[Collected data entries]

☆ ☆ ☆

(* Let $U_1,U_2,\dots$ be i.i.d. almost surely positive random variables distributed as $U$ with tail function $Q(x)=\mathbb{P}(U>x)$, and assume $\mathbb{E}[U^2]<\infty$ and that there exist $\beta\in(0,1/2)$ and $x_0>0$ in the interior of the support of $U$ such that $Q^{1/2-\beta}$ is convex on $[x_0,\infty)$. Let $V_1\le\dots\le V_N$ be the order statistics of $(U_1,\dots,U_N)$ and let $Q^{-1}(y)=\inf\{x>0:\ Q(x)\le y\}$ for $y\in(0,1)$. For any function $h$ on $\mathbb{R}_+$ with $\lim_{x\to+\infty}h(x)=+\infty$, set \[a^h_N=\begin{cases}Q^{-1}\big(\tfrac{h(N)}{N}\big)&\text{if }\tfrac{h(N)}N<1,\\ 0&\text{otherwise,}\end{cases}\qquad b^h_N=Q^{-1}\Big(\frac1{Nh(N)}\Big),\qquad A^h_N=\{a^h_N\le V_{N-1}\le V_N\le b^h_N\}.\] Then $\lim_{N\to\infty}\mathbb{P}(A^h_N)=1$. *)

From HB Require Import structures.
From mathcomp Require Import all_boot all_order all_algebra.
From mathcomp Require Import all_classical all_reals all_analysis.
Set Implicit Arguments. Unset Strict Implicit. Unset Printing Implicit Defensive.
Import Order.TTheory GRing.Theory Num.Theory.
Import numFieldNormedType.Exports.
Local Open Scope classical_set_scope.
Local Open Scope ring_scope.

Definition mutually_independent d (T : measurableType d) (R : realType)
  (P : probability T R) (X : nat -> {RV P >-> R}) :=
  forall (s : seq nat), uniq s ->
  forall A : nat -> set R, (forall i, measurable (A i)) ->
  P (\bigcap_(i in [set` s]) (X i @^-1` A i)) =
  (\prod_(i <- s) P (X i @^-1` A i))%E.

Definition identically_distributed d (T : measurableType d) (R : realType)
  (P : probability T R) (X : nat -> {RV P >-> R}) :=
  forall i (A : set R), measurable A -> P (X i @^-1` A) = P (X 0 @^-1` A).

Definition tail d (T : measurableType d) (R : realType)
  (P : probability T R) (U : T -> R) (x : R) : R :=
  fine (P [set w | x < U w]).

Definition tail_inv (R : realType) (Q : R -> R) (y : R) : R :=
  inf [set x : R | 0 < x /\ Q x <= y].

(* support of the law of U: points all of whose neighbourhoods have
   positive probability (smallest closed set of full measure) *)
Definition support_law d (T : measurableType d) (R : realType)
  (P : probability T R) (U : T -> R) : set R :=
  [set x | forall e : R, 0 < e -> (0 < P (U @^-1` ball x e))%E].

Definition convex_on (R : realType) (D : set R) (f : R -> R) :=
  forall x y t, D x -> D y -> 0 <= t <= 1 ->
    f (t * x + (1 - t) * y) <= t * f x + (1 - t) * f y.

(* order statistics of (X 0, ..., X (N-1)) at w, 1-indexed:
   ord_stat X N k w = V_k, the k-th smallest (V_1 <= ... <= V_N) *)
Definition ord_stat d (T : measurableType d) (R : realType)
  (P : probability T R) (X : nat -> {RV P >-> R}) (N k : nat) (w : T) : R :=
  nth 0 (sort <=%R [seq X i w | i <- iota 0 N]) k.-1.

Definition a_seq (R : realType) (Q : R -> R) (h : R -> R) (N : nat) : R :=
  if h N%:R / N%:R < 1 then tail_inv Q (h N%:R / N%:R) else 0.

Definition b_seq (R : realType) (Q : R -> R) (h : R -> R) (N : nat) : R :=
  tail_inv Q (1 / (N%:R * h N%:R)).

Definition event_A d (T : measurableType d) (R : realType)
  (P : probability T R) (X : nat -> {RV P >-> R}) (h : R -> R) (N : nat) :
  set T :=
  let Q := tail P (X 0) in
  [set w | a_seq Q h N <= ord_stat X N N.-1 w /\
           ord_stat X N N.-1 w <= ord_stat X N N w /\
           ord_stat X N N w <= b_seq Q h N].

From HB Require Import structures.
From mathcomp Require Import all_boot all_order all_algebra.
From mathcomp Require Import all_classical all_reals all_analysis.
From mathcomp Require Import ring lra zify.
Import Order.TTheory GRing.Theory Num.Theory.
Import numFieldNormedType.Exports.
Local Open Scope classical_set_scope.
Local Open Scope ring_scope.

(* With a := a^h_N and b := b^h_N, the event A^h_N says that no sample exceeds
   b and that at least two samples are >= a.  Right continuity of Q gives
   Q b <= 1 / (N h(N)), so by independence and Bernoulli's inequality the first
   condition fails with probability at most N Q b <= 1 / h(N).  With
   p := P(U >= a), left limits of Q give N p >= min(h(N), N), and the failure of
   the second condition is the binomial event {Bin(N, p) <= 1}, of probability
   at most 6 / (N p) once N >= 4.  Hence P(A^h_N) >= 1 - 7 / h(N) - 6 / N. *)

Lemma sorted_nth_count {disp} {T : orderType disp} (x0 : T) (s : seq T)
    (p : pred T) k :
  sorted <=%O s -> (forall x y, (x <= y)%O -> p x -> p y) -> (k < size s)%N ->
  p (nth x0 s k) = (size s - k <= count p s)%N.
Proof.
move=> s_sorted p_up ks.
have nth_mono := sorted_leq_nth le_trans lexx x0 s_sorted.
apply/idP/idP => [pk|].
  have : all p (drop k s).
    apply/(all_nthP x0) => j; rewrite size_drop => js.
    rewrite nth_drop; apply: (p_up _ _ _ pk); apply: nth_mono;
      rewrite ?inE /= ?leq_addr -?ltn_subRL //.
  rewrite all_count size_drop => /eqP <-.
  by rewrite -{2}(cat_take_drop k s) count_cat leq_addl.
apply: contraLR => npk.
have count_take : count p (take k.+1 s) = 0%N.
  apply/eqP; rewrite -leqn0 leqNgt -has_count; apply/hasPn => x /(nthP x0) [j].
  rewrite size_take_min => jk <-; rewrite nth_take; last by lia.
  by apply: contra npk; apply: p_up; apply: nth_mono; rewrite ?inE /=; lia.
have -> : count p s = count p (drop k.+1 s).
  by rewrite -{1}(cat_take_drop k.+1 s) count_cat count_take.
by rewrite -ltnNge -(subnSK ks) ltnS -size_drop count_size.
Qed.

☆ ☆ ☆

◆ **REQUIRED ACTION**: Above are the records. Copy every line in them holding "smallest".

◆ **ANSWER SPACE**:
   positive probability (smallest closed set of full measure) *)
   ord_stat X N k w = V_k, the k-th smallest (V_1 <= ... <= V_N) *)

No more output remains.